Legislation /

Federal Judge Strikes Down Illinois Assault Weapons Ban

The Judge stated in his opinion that no state may pass any law that violates rights guaranteed under the U.S. Constitution

A federal judge in Illinois has blocked enforcement of the state’s newly-passed assault weapons ban, dealing a temporary blow to officials working to enact stricter gun control measures.

U.S. District Judge Stephen McGlynn issued an injunction, declaring in his opinion that the state’s Protect Illinois Communities Act (PICA) was unconstitutional and inconsistent with the U.S. Supreme Court’s landmark Bruen decision, which greatly expanded firearm ownership rights throughout the U.S.

“Can the senseless crimes of a relative few be so despicable to justify the infringement of the constitutional rights of law-abiding individuals in hopes that such crimes will then abate or, at least, not be as horrific? More specifically, can PICA be harmonized with the Second Amendment of the United States Constitution and with Bruen? That is the issue before this Court,” wrote McGlynn, who was appointed by former President Donald Trump.

“The Supreme Court in Bruen and Heller held that citizens have a constitutional right to own and possess firearms and may use them for self-defense. PICA seems to be written in spite of the clear directives in Bruen and Heller, not in conformity with them,” he added. “Whether well-intentioned, brilliant, or arrogant, no state may enact a law that denies its citizens rights that the Constitution guarantees them. Even legislation that may enjoy the support of a majority of its citizens must fail if it violates the constitutional rights of fellow citizens.”

Legal news publication Jurist explains:

To obtain a preliminary injunction in federal court, the movant must show that (1) they will suffer irreparable harm in the interim prior to a final resolution; (2) there is no adequate remedy at law; and (3) they have a reasonable likelihood of success on the merits. The court ruled that the plaintiffs satisfied all three requirements and that there is a reasonable likelihood that PICA does in fact violate the second amendment.

Illinois officials argue that the assault weapons ban is consistent with historical tradition because neither assault weapons nor high-capacity magazines were in common use when the second amendment was ratified. However, McGlynn said that argument was “bordering on the frivolous” because the U.S. Supreme Court has already ruled that the second amendment extends to firearms that didn’t exist at the time of America’s founding.
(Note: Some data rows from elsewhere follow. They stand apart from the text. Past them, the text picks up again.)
(* Let $X$ be an undirected graph and $f:Y\to X$ an object of $C_X$ such that $Y$ has no loops. Then for every $p>1$ and every $p$-cycle $h:c^p_U\to Y$ without backtracking, there exist an element $U\to X$ of $R^p_X$ (with distinguished cycle subgraph $c^p_U\subseteq U$) and a morphism $g:U\to Y$ of $C_X$ whose restriction to $c^p_U$ equals $h$.
   Context: An undirected graph has nodes $X(0)$, half-arcs $X(1)$, $s,t:X(1)\to X(0)$, and an involution $\iota$ with $s\circ\iota=t$; morphisms commute with $s,t,\iota$. An arc is a pair $\{u,\iota(u)\}$; a loop is an arc whose source and target coincide (including half-arcs fixed by $\iota$). For a node $x$, $X(x,* )$ is the set of arcs having $x$ as source or target. A morphism $f$ is a covering if for every node $x$ the induced map on arcs $X(x,* )\to Y(f_0(x),* )$ is bijective. $C_X$: objects are coverings $Y\to X$, morphisms are coverings $h:Y\to Z$ commuting with the maps to $X$. For $p\ge1$, $c^p_U$ has nodes $\mathbb{Z}/p\mathbb{Z}$ and half-arcs $[n]^\pm$ with $s([n]^+)=[n]$, $t([n]^+)=[n+1]$, $s([n]^-)=[n+1]$, $t([n]^-)=[n]$, $\iota([n]^+)=[n]^-$; a $p$-cycle of $Y$ is a morphism $h:c^p_U\to Y$, which has backtracking if $h_1([n+1]^+)=h_1([n]^-)$ for some $n$. $R^p_X$ is the set of objects $U\to X$ of $C_X$ such that $U$ is obtained by attaching a forest to a $p$-cycle: $U$ contains a subgraph isomorphic to $c^p_U$ and removing the arcs of this subgraph leaves a forest each of whose trees contains exactly one node of the cycle. *)

From mathcomp Require Import all_boot.
From Stdlib Require Import Relations.
Set Implicit Arguments. Unset Strict Implicit. Unset Printing Implicit Defensive.

(* An undirected graph: nodes V = X(0), half-arcs H = X(1), s, t, involution iota
   with s o iota = t.  Node/half-arc sets are arbitrary types (possibly infinite). *)
Record graph := Graph {
  V : Type;
  H : Type;
  src : H -> V;
  tgt : H -> V;
  inv : H -> H;
  invK : forall u, inv (inv u) = u;
  src_inv : forall u, src (inv u) = tgt u
}.

Record hom (G K : graph) := Hom {
  hom0 : V G -> V K;
  hom1 : H G -> H K;
  hom_src : forall u, src (hom1 u) = hom0 (src u);
  hom_tgt : forall u, tgt (hom1 u) = hom0 (tgt u);
  hom_inv : forall u, inv (hom1 u) = hom1 (inv u)
}.

(* The arc {u, iota u} represented by u: v represents the same arc as u. *)
Definition same_arc (G : graph) (u v : H G) : Prop := v = u \/ v = inv u.

Definition arc_at (G : graph) (x : V G) (u : H G) : Prop := src u = x \/ tgt u = x.

(* f is a covering: for each node x the induced map on arcs
   X(x, * ) -> Y(f0 x, * ), {u, iota u} |-> {f1 u, f1 (iota u)}, is bijective. *)
Definition is_covering (G K : graph) (f : hom G K) : Prop :=
  forall x : V G,
    (forall w, arc_at (hom0 f x) w ->
       exists u, arc_at x u /\ same_arc (hom1 f u) w) /\
    (forall u v, arc_at x u -> arc_at x v ->
       same_arc (hom1 f u) (hom1 f v) -> same_arc u v).

Definition has_no_loops (G : graph) : Prop := forall u : H G, src u <> tgt u.

(* The cycle graph c^p_U: nodes Z/pZ (= 'I_p with successor ordS),
   half-arcs [n]^+ = (n, true), [n]^- = (n, false). *)
Definition cyc_src p (a : 'I_p * bool) : 'I_p :=
  if a.2 then a.1 else ordS a.1.
Definition cyc_tgt p (a : 'I_p * bool) : 'I_p :=
  if a.2 then ordS a.1 else a.1.
Definition cyc_inv p (a : 'I_p * bool) : 'I_p * bool := (a.1, ~~ a.2).

Lemma cyc_invK p (a : 'I_p * bool) : cyc_inv (cyc_inv a) = a.
Proof. by case: a => n b; rewrite /cyc_inv /= negbK. Qed.

Lemma cyc_src_inv p (a : 'I_p * bool) : cyc_src (cyc_inv a) = cyc_tgt a.
Proof. by case: a => n [] . Qed.

Definition cycle_graph (p : nat) : graph :=
  @Graph 'I_p ('I_p * bool) (@cyc_src p) (@cyc_tgt p) (@cyc_inv p)
         (@cyc_invK p) (@cyc_src_inv p).

Definition backtracking (p : nat) (Y : graph) (h : hom (cycle_graph p) Y) : Prop :=
  exists n : 'I_p, hom1 h (ordS n, true) = hom1 h (n, false).

(* The subgraph of G with all nodes and the half-arcs satisfying P
   (P is closed under iota in our uses) is a forest: it has no loops
   and no p-cycle (p >= 1) without backtracking. *)
Definition forest_in (G : graph) (P : H G -> Prop) : Prop :=
  (forall u, P u -> src u <> tgt u) /\
  (forall (p : nat) (h : hom (cycle_graph p) G),
      0 < p -> (forall a, P (hom1 h a)) -> backtracking h).

Definition connected_in (G : graph) (P : H G -> Prop) : relation (V G) :=
  clos_refl_trans (V G) (fun a b => exists u, P u /\ src u = a /\ tgt u = b).

(* U -> X (via fU) lies in R^p_X with distinguished cycle e : c^p_U -> U:
   fU is a covering; e is injective on nodes and half-arcs (so its image is a
   subgraph isomorphic to c^p_U); removing the arcs of that subgraph leaves a
   forest each of whose trees (connected components) contains exactly one
   node of the cycle. *)
Definition in_R_with (p : nat) (X U : graph) (fU : hom U X)
    (e : hom (cycle_graph p) U) : Prop :=
  is_covering fU /\
  injective (hom0 e) /\ injective (hom1 e) /\
  let P := fun u : H U => ~ (exists a, hom1 e a = u) in
  forest_in P /\
  (forall y : V U, exists! n : 'I_p, connected_in P (hom0 e n) y).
Days before, Illinois Northern District Judge Lindsay Jenkins, who was appointed by President Joe Biden, declined to issue the injunction days before, arguing that the government’s interest in public safety outweighs an individual’s constitutional rights.

PICA banned the possession, sale, or manufacture of dozens of firearms defined as “assault weapons.” It also banned magazines that hold ten or more rounds for a rifle and 15 or more rounds for a handgun. The Illinois general assembly passed the bill during a lame duck session earlier this year in January.

McGlynn acknowledged that gun control issues “are highly contentious and provoke strong emotions,” but noted that the state has a “wide array of civil and criminal laws that permit the commitment and prosecution of those who use or may use firearms to commit crimes.”

He also called on police and district attorneys to “take their obligations to enforce these laws seriously.”